◆ Exercise prompt
From the line below that contains "From mathcomp Require Import boolp" to the line that contains "Hypothesis hk : is_RKHS k H ip.", repeat every line exactly, both ends included, and nothing else.

[Collection entries]
○ ○ ○ ○ ○

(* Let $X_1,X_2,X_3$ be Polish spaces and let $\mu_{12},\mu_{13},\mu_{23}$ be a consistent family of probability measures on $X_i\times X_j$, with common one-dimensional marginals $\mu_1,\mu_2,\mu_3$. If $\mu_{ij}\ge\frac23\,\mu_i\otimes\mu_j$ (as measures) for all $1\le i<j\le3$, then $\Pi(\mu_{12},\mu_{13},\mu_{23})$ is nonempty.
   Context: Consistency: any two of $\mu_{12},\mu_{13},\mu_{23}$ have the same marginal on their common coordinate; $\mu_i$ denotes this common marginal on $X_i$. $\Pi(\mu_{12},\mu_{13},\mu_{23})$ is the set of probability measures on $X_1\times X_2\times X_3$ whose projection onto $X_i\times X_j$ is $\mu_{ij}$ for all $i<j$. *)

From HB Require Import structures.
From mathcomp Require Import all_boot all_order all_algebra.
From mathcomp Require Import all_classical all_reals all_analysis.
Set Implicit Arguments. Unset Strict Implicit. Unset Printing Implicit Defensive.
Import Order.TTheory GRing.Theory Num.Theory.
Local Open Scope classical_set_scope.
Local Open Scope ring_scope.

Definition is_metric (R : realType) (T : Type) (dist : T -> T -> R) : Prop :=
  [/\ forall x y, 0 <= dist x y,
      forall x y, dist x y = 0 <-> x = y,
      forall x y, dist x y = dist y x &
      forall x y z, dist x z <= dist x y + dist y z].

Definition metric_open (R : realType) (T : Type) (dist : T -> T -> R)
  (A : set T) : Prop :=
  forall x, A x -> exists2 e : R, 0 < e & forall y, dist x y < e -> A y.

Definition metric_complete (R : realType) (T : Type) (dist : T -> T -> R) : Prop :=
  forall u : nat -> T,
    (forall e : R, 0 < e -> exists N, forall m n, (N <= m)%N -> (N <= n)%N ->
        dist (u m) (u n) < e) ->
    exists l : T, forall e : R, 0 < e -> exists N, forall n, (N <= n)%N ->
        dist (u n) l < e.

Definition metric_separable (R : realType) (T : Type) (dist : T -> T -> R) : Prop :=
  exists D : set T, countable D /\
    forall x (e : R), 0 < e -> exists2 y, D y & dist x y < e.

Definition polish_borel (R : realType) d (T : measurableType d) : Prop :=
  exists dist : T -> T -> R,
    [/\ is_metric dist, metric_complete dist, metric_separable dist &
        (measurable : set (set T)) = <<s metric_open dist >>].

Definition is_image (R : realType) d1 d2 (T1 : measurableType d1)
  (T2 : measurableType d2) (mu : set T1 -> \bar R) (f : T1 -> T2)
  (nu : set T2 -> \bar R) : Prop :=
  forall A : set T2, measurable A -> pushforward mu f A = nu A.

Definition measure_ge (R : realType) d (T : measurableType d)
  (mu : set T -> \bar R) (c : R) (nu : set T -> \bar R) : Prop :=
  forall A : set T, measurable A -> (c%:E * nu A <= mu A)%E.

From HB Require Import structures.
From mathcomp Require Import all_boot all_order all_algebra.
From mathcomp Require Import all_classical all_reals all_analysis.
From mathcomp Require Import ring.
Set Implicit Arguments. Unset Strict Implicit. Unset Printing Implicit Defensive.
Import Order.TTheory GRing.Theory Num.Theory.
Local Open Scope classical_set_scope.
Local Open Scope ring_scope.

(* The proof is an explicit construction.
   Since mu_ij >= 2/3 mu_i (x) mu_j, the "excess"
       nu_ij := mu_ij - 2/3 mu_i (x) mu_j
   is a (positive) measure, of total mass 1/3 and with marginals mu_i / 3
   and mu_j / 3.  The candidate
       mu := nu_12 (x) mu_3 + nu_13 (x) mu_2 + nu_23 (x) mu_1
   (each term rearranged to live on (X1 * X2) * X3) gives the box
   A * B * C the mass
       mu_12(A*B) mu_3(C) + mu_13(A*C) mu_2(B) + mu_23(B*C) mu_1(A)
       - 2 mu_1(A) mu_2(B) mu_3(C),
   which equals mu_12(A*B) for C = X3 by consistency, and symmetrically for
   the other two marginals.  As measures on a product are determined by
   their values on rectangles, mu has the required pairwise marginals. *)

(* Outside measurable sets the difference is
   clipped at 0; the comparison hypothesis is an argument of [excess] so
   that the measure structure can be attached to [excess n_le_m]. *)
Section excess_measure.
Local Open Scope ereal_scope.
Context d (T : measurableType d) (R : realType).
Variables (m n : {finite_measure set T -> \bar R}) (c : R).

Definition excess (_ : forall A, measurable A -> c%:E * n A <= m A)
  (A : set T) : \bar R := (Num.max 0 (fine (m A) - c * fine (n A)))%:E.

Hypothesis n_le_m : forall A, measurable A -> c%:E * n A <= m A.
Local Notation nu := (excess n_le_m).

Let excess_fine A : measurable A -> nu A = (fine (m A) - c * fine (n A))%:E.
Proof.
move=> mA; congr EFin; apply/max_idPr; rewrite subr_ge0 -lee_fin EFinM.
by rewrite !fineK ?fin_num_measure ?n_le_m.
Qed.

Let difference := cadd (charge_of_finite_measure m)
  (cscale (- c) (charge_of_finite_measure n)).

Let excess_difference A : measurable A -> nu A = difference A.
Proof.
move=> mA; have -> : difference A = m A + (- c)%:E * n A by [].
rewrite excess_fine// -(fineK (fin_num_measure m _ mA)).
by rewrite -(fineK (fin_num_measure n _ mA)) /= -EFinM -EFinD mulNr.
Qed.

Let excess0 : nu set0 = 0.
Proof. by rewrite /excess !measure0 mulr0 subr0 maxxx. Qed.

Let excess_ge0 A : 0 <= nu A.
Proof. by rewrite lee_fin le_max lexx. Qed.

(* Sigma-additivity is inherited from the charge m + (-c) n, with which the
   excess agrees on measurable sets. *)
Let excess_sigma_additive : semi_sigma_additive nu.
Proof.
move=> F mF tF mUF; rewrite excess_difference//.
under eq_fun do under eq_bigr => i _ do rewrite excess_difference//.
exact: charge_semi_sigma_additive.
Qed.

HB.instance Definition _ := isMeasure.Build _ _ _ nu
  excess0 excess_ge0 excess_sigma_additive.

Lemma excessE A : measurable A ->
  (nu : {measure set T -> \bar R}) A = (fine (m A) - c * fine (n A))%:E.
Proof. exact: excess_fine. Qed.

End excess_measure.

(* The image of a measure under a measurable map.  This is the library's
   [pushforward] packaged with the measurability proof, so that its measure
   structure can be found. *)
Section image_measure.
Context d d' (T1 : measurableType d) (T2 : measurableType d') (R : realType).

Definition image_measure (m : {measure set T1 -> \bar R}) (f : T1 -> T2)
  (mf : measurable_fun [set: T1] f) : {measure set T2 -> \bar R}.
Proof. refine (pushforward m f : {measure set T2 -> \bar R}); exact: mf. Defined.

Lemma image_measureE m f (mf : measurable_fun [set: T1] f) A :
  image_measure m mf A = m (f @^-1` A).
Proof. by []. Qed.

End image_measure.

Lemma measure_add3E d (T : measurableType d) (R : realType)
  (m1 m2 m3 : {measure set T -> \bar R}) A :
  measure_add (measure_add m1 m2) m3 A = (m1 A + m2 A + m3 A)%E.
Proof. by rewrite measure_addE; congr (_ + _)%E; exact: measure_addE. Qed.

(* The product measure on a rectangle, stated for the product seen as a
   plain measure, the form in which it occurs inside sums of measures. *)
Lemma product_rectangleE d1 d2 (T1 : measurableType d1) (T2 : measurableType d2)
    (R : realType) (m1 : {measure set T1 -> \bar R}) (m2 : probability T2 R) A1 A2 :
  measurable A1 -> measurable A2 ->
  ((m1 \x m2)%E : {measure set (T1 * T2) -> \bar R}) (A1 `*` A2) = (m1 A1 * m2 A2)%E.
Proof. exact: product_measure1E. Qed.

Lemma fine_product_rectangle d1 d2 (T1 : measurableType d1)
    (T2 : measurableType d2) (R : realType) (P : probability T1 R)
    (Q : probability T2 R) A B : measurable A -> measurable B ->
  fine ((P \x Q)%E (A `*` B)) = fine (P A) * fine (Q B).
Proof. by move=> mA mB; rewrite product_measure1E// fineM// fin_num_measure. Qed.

○ ○ ○ ○ ○

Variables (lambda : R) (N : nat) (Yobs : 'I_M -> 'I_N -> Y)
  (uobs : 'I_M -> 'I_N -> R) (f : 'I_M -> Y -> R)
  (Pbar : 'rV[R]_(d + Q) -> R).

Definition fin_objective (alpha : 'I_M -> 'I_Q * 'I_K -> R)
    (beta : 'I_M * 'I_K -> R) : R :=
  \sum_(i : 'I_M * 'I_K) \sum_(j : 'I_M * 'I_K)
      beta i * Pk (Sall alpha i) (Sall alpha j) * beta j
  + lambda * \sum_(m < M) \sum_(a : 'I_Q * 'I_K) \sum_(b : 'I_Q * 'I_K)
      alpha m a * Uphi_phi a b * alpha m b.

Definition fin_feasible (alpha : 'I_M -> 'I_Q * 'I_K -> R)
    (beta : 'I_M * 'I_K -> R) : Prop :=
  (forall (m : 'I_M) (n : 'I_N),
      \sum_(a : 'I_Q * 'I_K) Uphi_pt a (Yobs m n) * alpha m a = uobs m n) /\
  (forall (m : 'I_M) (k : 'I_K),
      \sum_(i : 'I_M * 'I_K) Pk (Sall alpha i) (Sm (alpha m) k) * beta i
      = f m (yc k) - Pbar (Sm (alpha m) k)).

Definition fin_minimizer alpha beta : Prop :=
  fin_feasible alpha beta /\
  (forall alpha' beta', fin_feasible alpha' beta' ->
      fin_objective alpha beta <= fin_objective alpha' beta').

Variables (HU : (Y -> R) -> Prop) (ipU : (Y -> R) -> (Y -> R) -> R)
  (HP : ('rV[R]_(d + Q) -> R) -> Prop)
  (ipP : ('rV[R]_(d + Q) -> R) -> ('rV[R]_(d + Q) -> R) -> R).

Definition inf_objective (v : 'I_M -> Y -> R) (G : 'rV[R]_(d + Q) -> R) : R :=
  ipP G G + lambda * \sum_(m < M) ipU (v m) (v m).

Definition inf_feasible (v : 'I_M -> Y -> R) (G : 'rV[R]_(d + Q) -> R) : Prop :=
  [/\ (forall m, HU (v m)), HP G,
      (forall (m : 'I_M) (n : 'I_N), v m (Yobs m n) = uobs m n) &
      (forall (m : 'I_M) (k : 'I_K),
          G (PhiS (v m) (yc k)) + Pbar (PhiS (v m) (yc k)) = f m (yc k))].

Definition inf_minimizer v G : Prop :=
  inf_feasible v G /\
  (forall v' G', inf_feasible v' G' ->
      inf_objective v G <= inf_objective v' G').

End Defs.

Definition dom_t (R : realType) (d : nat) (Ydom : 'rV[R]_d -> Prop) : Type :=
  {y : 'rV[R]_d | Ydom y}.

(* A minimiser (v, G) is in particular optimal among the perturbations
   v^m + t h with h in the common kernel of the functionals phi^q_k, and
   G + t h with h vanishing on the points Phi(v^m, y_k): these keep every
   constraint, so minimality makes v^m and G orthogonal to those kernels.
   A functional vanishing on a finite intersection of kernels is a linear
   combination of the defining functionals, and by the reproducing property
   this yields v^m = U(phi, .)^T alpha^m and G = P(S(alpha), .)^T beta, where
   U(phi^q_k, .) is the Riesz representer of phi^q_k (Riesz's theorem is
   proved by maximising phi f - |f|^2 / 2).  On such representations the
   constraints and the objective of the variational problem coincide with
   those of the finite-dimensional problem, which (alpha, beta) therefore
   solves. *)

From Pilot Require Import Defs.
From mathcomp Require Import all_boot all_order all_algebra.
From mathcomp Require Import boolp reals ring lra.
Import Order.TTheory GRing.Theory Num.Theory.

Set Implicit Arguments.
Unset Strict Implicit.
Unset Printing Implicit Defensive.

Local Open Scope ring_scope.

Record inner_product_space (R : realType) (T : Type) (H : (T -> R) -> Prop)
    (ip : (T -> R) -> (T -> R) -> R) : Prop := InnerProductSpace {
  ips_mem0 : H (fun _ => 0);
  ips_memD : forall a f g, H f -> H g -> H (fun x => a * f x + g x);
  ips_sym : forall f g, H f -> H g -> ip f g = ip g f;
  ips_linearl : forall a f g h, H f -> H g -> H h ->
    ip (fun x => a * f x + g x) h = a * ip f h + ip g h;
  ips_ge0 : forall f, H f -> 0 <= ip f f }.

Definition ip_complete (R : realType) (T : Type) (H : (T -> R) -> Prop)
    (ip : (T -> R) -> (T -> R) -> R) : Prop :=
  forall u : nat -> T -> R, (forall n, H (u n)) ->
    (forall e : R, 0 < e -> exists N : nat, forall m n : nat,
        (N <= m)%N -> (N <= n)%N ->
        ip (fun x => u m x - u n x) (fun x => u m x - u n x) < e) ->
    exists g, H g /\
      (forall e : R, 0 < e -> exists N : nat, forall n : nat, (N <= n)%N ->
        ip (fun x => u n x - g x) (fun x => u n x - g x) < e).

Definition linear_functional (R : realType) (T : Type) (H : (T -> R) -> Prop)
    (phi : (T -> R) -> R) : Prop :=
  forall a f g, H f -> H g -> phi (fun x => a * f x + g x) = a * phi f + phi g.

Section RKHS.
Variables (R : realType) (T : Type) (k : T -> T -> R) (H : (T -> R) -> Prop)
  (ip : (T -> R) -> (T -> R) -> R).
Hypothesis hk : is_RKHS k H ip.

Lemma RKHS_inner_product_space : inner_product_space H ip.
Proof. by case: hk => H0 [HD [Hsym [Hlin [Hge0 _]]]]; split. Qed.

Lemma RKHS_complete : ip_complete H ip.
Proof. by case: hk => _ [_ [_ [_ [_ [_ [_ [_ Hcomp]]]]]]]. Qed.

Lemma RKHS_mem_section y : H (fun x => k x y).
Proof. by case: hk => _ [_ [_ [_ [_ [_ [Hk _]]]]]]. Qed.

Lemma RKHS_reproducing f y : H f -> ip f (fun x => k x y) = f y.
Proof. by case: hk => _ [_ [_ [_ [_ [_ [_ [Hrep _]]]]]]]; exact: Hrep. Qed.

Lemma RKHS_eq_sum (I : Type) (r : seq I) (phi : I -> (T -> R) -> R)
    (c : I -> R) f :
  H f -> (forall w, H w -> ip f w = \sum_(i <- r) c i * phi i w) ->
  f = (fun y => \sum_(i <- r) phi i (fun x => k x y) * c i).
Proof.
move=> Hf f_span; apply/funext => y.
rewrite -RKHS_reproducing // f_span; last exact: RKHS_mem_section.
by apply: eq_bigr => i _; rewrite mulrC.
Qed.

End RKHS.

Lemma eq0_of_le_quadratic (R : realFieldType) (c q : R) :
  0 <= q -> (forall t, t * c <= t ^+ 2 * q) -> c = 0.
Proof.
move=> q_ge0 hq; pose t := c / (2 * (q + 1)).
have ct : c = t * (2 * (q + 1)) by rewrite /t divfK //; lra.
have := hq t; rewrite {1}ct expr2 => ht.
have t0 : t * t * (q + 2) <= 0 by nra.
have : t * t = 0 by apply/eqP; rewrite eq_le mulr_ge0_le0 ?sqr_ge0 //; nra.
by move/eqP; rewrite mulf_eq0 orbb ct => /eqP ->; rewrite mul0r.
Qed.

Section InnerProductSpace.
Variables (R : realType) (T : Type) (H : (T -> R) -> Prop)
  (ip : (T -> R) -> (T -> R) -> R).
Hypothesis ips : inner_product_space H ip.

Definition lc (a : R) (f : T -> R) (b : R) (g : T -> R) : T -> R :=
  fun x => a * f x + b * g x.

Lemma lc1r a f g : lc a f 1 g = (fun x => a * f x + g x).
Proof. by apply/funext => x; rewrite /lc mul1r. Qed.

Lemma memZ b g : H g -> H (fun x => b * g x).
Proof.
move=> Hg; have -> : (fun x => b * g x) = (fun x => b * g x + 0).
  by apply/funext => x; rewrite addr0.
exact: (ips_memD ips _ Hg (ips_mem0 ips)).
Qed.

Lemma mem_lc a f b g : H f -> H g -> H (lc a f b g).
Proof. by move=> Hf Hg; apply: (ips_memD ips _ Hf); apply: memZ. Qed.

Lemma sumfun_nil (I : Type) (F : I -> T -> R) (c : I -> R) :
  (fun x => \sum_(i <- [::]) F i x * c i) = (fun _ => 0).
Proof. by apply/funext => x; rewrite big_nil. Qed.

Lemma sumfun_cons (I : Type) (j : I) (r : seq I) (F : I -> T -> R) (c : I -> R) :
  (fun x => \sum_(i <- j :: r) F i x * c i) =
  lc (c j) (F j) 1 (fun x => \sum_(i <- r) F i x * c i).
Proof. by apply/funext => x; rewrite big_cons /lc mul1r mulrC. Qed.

○ ○ ○ ○ ○

◆ Expected output
From mathcomp Require Import boolp reals ring lra.
Import Order.TTheory GRing.Theory Num.Theory.

Set Implicit Arguments.
Unset Strict Implicit.
Unset Printing Implicit Defensive.

Local Open Scope ring_scope.

Record inner_product_space (R : realType) (T : Type) (H : (T -> R) -> Prop)
    (ip : (T -> R) -> (T -> R) -> R) : Prop := InnerProductSpace {
  ips_mem0 : H (fun _ => 0);
  ips_memD : forall a f g, H f -> H g -> H (fun x => a * f x + g x);
  ips_sym : forall f g, H f -> H g -> ip f g = ip g f;
  ips_linearl : forall a f g h, H f -> H g -> H h ->
    ip (fun x => a * f x + g x) h = a * ip f h + ip g h;
  ips_ge0 : forall f, H f -> 0 <= ip f f }.

Definition ip_complete (R : realType) (T : Type) (H : (T -> R) -> Prop)
    (ip : (T -> R) -> (T -> R) -> R) : Prop :=
  forall u : nat -> T -> R, (forall n, H (u n)) ->
    (forall e : R, 0 < e -> exists N : nat, forall m n : nat,
        (N <= m)%N -> (N <= n)%N ->
        ip (fun x => u m x - u n x) (fun x => u m x - u n x) < e) ->
    exists g, H g /\
      (forall e : R, 0 < e -> exists N : nat, forall n : nat, (N <= n)%N ->
        ip (fun x => u n x - g x) (fun x => u n x - g x) < e).

Definition linear_functional (R : realType) (T : Type) (H : (T -> R) -> Prop)
    (phi : (T -> R) -> R) : Prop :=
  forall a f g, H f -> H g -> phi (fun x => a * f x + g x) = a * phi f + phi g.

Section RKHS.
Variables (R : realType) (T : Type) (k : T -> T -> R) (H : (T -> R) -> Prop)
  (ip : (T -> R) -> (T -> R) -> R).
Hypothesis hk : is_RKHS k H ip.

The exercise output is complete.